*WORK TASK:*
From the line containing "(H rho0 sigma2 rstar Pc : R) (E Pt : 'I_K'.+1" onward to the last line of the data below, copy each line exactly and add nothing.

===== SUPPLIED MATERIAL =====

(* Fix $K\ge1$, points $\mathbf{w}_1,\dots,\mathbf{w}_K\in\mathbb{R}^2$ and constants $H>0$, $\rho_0>0$, $\sigma^2>0$, $r^*>0$, $P_c\ge0$, $E_1,\dots,E_K>0$, $\tilde P_1,\dots,\tilde P_K>0$. For $\mathbf{q}\in\mathbb{R}^2$ write $d_k=\sqrt{\|\mathbf{q}-\mathbf{w}_k\|^2+H^2}$ and $h_k=\rho_0/d_k^2$. Problem (P1): minimize $\zeta$ over $(\zeta,\mathbf{q},\mathbf{p},\pi)$, $\zeta\in\mathbb{R}$, $\mathbf q\in\mathbb{R}^2$, $\mathbf p\in\mathbb{R}^K$, $\pi$ a permutation of $\{1,\dots,K\}$, subject to, for all $m$: $p_{\pi(m)}+P_c\le\zeta E_{\pi(m)}$; $0\le p_{\pi(m)}\le\tilde P_{\pi(m)}$; $\log_2\big(1+\frac{p_{\pi(m)}h_{\pi(m)}}{\sum_{n=m+1}^Kp_{\pi(n)}h_{\pi(n)}+\sigma^2}\big)\ge r^*$; and $d_{\pi(1)}\le\dots\le d_{\pi(K)}$. Problem (P2): minimize $\zeta$ over $(\zeta,\mathbf{q},\mathbf{p},\boldsymbol\alpha)$ with $\boldsymbol\alpha=(\alpha_{k,j})_{k,j=1}^K$, subject to, for all $k$: $p_k+P_c\le\zeta E_k$; $0\le p_k\le\tilde P_k$; $\log_2\big(1+\frac{p_kh_k}{\sum_{j\ne k}\alpha_{k,j}p_jh_j+\sigma^2}\big)\ge r^*$; for all $k\ne j$: $\alpha_{k,j}=0$ if $d_k>d_j$, $\alpha_{k,j}=1$ if $d_k<d_j$, $\alpha_{k,j}\in\{0,1\}$ if $d_k=d_j$; $\alpha_{k,k}=0$; $\alpha_{k,j}+\alpha_{j,k}=1$ for $k\ne j$; $\alpha_{k,j}+\alpha_{j,i}-1\le\alpha_{k,i}$ for all $k,j,i$. Then the optimal values of (P1) and (P2) are equal.
   Context: (P1) models maximizing the minimum device lifetime $E_k/(p_k+P_c)$ (via $\zeta=1/\text{lifetime}$) in uplink NOMA to a UAV at horizontal position $\mathbf q$ and altitude $H$ with permutation decoding order $\pi$; (P2) is the same with binary decoding-order variables ($\alpha_{k,j}=1$: device $k$ decoded before device $j$). Optimal value means the infimum of $\zeta$ over the feasible set. *)

From HB Require Import structures.
From mathcomp Require Import all_boot all_order all_algebra perm.
From mathcomp Require Import all_classical all_reals all_analysis.
Set Implicit Arguments. Unset Strict Implicit. Unset Printing Implicit Defensive.
Import Order.TTheory GRing.Theory Num.Theory.
Local Open Scope ring_scope.
Local Open Scope classical_set_scope.

Section Defs.
Variable R : realType.
Variable K : nat.

Definition dist3 (H : R) (q w : R * R) : R :=
  Num.sqrt ((q.1 - w.1) ^+ 2 + (q.2 - w.2) ^+ 2 + H ^+ 2).

Definition gain (rho0 H : R) (q w : R * R) : R := rho0 / (dist3 H q w) ^+ 2.

Definition log2 (x : R) : R := ln x / ln 2.

Variables (w : 'I_K -> R * R) (H rho0 sigma2 rstar Pc : R)
          (E Pt : 'I_K -> R).

Definition feasibleP1 (zeta : R) (q : R * R) (p : 'I_K -> R)
    (pi : {perm 'I_K}) : Prop :=
  let d := fun k => dist3 H q (w k) in
  let h := fun k => gain rho0 H q (w k) in
  (forall m : 'I_K,
     [/\ p (pi m) + Pc <= zeta * E (pi m),
         0 <= p (pi m) <= Pt (pi m) &
         log2 (1 + p (pi m) * h (pi m) /
               (\sum_(n : 'I_K | (m < n)%N) p (pi n) * h (pi n) + sigma2))
           >= rstar]) /\
  (forall m n : 'I_K, (m <= n)%N -> d (pi m) <= d (pi n)).

(* feasibility in (P2); alpha k j = 1 : device k decoded before device j *)
Definition feasibleP2 (zeta : R) (q : R * R) (p : 'I_K -> R)
    (alpha : 'I_K -> 'I_K -> R) : Prop :=
  let d := fun k => dist3 H q (w k) in
  let h := fun k => gain rho0 H q (w k) in
  (forall k : 'I_K,
     [/\ p k + Pc <= zeta * E k,
         0 <= p k <= Pt k &
         log2 (1 + p k * h k /
               (\sum_(j : 'I_K | j != k) alpha k j * p j * h j + sigma2))
           >= rstar]) /\
  (forall k j : 'I_K, k != j ->
     [/\ d k > d j -> alpha k j = 0,
         d k < d j -> alpha k j = 1 &
         d k = d j -> alpha k j = 0 \/ alpha k j = 1]) /\
  (forall k : 'I_K, alpha k k = 0) /\
  (forall k j : 'I_K, k != j -> alpha k j + alpha j k = 1) /\
  (forall k j i : 'I_K, alpha k j + alpha j i - 1 <= alpha k i).

Definition optP1 : \bar R :=
  ereal_inf [set (zeta%:E) | zeta in
    [set z | exists q p pi, feasibleP1 z q p pi]].

Definition optP2 : \bar R :=
  ereal_inf [set (zeta%:E) | zeta in
    [set z | exists q p alpha, feasibleP2 z q p alpha]].

End Defs.

From HB Require Import structures.
From mathcomp Require Import all_boot all_order all_algebra perm.
From mathcomp Require Import all_classical all_reals all_analysis.
From mathcomp Require Import lra.
Set Implicit Arguments. Unset Strict Implicit. Unset Printing Implicit Defensive.
Import Order.TTheory GRing.Theory Num.Theory.
Local Open Scope ring_scope.

(* The decoding-order variables of (P2) are exactly the indicators
   alpha k j = [pi^-1 k < pi^-1 j] of permutations pi.  Such an indicator
   satisfies the 0/1, antisymmetry and transitivity constraints, and turns the
   interference term of device pi m into the sum over the devices pi n, n > m.
   Conversely, a transitive tournament alpha is the indicator of the ranking
   k |-> #{j | alpha j k = 1}.  Under this correspondence the distance
   constraints of (P2) say exactly that d is nondecreasing along pi, so (P1)
   and (P2) have the same feasible values of zeta. *)

Lemma perm_sortedP disp (T : orderType disp) n (d : 'I_n -> T)
    (pi : {perm 'I_n}) :
  (forall m m' : 'I_n, (m <= m')%N -> (d (pi m) <= d (pi m'))%O) <->
  (forall k j, (d k < d j)%O -> ((pi^-1)%g k < (pi^-1)%g j)%N).
Proof.
split=> hd k j.
- move=> dkj; rewrite ltnNge; apply: contraL dkj.
  by rewrite -leNgt => /hd; rewrite !permKV.
- move=> le_kj; rewrite leNgt; apply: contraL le_kj.
  by rewrite -ltnNge => /hd; rewrite !permK.
Qed.

Section DecodingOrder.
Variables (R : realDomainType) (n : nat).
Implicit Types (pi : {perm 'I_n}) (alpha : 'I_n -> 'I_n -> R) (d : 'I_n -> R).

Definition perm_before pi (k j : 'I_n) : R := ((pi^-1)%g k < (pi^-1)%g j)%N%:R.

Definition order_indicator alpha : Prop :=
  [/\ forall k j, alpha k j = 0 \/ alpha k j = 1,
      forall k, alpha k k = 0,
      forall k j, k != j -> alpha k j + alpha j k = 1 &
      forall k j i, alpha k j + alpha j i - 1 <= alpha k i].

Definition order_respects d alpha : Prop :=
  forall k j, k != j ->
    [/\ d k > d j -> alpha k j = 0,
        d k < d j -> alpha k j = 1 &
        d k = d j -> alpha k j = 0 \/ alpha k j = 1].

Lemma perm_before_order_indicator pi : order_indicator (perm_before pi).
Proof.
rewrite /perm_before; split.
- by move=> k j; case: (_ < _)%N; [right|left].
- by move=> k; rewrite ltnn.
- move=> k j; rewrite -(inj_eq (@perm_inj _ (pi^-1)%g)) -val_eqE.
  by case: ltngtP => //= _ _; rewrite ?add0r ?addr0.
- move=> k j i; case: ltnP => kj; case: ltnP => ji; case: ltnP => ik /=; try lra.
  by have := leq_ltn_trans ik (ltn_trans kj ji); rewrite ltnn.
Qed.

Lemma sum_perm_before pi (F : 'I_n -> R) (m : 'I_n) :
  \sum_(j | j != pi m) perm_before pi (pi m) j * F j =
  \sum_(i : 'I_n | (m < i)%N) F (pi i).
Proof.
rewrite [RHS](reindex_inj (h := (pi^-1)%g) perm_inj).
rewrite big_mkcond [RHS]big_mkcond /=; apply: eq_bigr => j _.
rewrite /perm_before permK permKV.
case: (eqVneq j (pi m)) => [->|_]; first by rewrite permK ltnn.
by case: (m < _)%N; rewrite ?mul1r ?mul0r.
Qed.

Lemma perm_before_respectsE d pi :
  order_respects d (perm_before pi) <->
  (forall k j, d k < d j -> ((pi^-1)%g k < (pi^-1)%g j)%N).
Proof.
rewrite /perm_before; split=> hd k j.
- move=> dkj; have neq_kj : k != j by apply: contraTneq dkj => ->; rewrite ltxx.
  have [_ /(_ dkj) + _] := hd k j neq_kj.
  by case: (_ < _)%N => // /eqP; rewrite eq_sym oner_eq0.
- move=> _; split.
  + by move=> /hd /ltnW; rewrite leqNgt => /negbTE ->.
  + by move=> /hd ->.
  + by case: (_ < _)%N; [right|left].
Qed.

Lemma order_respects_01 d alpha :
  order_respects d alpha -> (forall k, alpha k k = 0) ->
  forall k j, alpha k j = 0 \/ alpha k j = 1.
Proof.
move=> hd diag k j; case: (eqVneq k j) => [->|neq_kj]; first by left.
have [gt lt eq] := hd k j neq_kj.
by case: (ltgtP (d k) (d j)) => [/lt|/gt|/eq]; [right|left|].
Qed.

Section Ranking.
Variable alpha : 'I_n -> 'I_n -> R.
Hypothesis halpha : order_indicator alpha.

Let rank k := #|[set j | alpha j k == 1]|.

Lemma order_indicator_total k j : k != j -> alpha k j = 1 \/ alpha j k = 1.
Proof.
have [a01 _ compl _] := halpha; move=> /compl.
by case: (a01 k j) => ->; [rewrite add0r; right | left].
Qed.

Lemma rank_lt k j : alpha k j = 1 -> (rank k < rank j)%N.
Proof.
have [a01 diag _ trans] := halpha; move=> kj.
apply/proper_card/properP; split.
- apply/fintype.subsetP => i; rewrite !inE => /eqP ik; apply/eqP.
  have := trans i k j; rewrite ik kj addrK.
  by case: (a01 i j) => -> //; rewrite ler10.
- by exists k; rewrite !inE ?kj ?diag // eq_sym oner_eq0.
Qed.

Lemma rank_ltn k : (rank k < n)%N.
Proof.
have [_ diag _ _] := halpha.
rewrite -[n in (_ < n)%N]card_ord -cardsT; apply/proper_card/properP.
by split; [exact: finset.subsetT | exists k; rewrite !inE ?diag // eq_sym oner_eq0].
Qed.

Lemma rank_inj : injective (fun k => Ordinal (rank_ltn k)).
Proof.
move=> k j /(congr1 val) /= eq_rank; apply/eqP/negPn/negP.
by case/order_indicator_total => /rank_lt; rewrite eq_rank ltnn.
Qed.

Lemma order_indicator_perm : exists pi, alpha = perm_before pi.
Proof.
have [_ diag compl _] := halpha.
exists (perm rank_inj)^-1%g; apply/funext => k; apply/funext => j.
rewrite /perm_before invgK !permE /=.
case: (eqVneq k j) => [->|neq_kj]; first by rewrite diag ltnn.
case: (order_indicator_total neq_kj) => [kj|jk]; first by rewrite kj rank_lt.
have -> : alpha k j = 0 by have := compl k j neq_kj; rewrite jk; lra.
by rewrite ltnNge ltnW ?rank_lt.
Qed.

End Ranking.

End DecodingOrder.

Arguments perm_before {R n} pi k j.

Section Feasibility.
Variables (R : realType) (K : nat) (w : 'I_K -> R * R).
Variables (H rho0 sigma2 rstar Pc : R) (E Pt : 'I_K -> R).

Lemma feasibleP2_perm_before zeta q p pi :
  feasibleP2 w H rho0 sigma2 rstar Pc E Pt zeta q p (perm_before pi) <->
  feasibleP1 w H rho0 sigma2 rstar Pc E Pt zeta q p pi.
Proof.
rewrite /feasibleP1 /feasibleP2 /=.
have interferenceE m :
    \sum_(j | j != pi m) perm_before pi (pi m) j * p j * gain rho0 H q (w j) =
    \sum_(i : 'I_K | (m < i)%N) p (pi i) * gain rho0 H q (w (pi i)).
  by under eq_bigr do rewrite -mulrA; exact: sum_perm_before.
have orderE : order_respects (fun k => dist3 H q (w k)) (perm_before pi) <->
    (forall m m' : 'I_K, (m <= m')%N ->
       dist3 H q (w (pi m)) <= dist3 H q (w (pi m'))).
  exact: iff_trans (perm_before_respectsE _ _) (iff_sym (perm_sortedP _ _)).
have [_ diag compl trans] := perm_before_order_indicator R pi.
split=> [[hpow [hresp _]] | [hpow hsort]]; split.
- by move=> m; rewrite -interferenceE; exact: hpow.
- exact: (proj1 orderE hresp).
- by move=> k; have := hpow ((pi^-1)%g k); rewrite -interferenceE permKV.
- by split; [exact: (proj2 orderE hsort) | split].
Qed.

Lemma feasibleP2_perm zeta q p alpha :
  feasibleP2 w H rho0 sigma2 rstar Pc E Pt zeta q p alpha ->
  exists pi, alpha = perm_before pi.
Proof.
move=> [_ [hresp [diag [compl trans]]]]; apply: order_indicator_perm.
by split=> //; exact: order_respects_01 hresp diag.
Qed.

End Feasibility.

Theorem proposition4 (R : realType) (K' : nat) (w : 'I_K'.+1 -> R * R)
    (H rho0 sigma2 rstar Pc : R) (E Pt : 'I_K'.+1 -> R)
    (hH : 0 < H) (hrho0 : 0 < rho0) (hsigma2 : 0 < sigma2) (hrstar : 0 < rstar)
    (hPc : 0 <= Pc) (hE : forall k, 0 < E k) (hPt : forall k, 0 < Pt k) :
  optP1 w H rho0 sigma2 rstar Pc E Pt = optP2 w H rho0 sigma2 rstar Pc E Pt.
Proof.
rewrite /optP1 /optP2; congr (ereal_inf [set _%:E | _ in _]).
apply/funext => zeta; apply/propext; split=> [[q [p [pi]]] | [q [p [alpha hP2]]]].
- by move/feasibleP2_perm_before => hP2; exists q, p, (perm_before pi).
- have [pi alphaE] := feasibleP2_perm hP2; subst alpha.
  by exists q, p, pi; exact/feasibleP2_perm_before.
Qed.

=====

*WRITTEN SOLUTION:*
    (H rho0 sigma2 rstar Pc : R) (E Pt : 'I_K'.+1 -> R)
    (hH : 0 < H) (hrho0 : 0 < rho0) (hsigma2 : 0 < sigma2) (hrstar : 0 < rstar)
    (hPc : 0 <= Pc) (hE : forall k, 0 < E k) (hPt : forall k, 0 < Pt k) :
  optP1 w H rho0 sigma2 rstar Pc E Pt = optP2 w H rho0 sigma2 rstar Pc E Pt.
Proof.
rewrite /optP1 /optP2; congr (ereal_inf [set _%:E | _ in _]).
apply/funext => zeta; apply/propext; split=> [[q [p [pi]]] | [q [p [alpha hP2]]]].
- by move/feasibleP2_perm_before => hP2; exists q, p, (perm_before pi).
- have [pi alphaE] := feasibleP2_perm hP2; subst alpha.
  by exists q, p, pi; exact/feasibleP2_perm_before.
Qed.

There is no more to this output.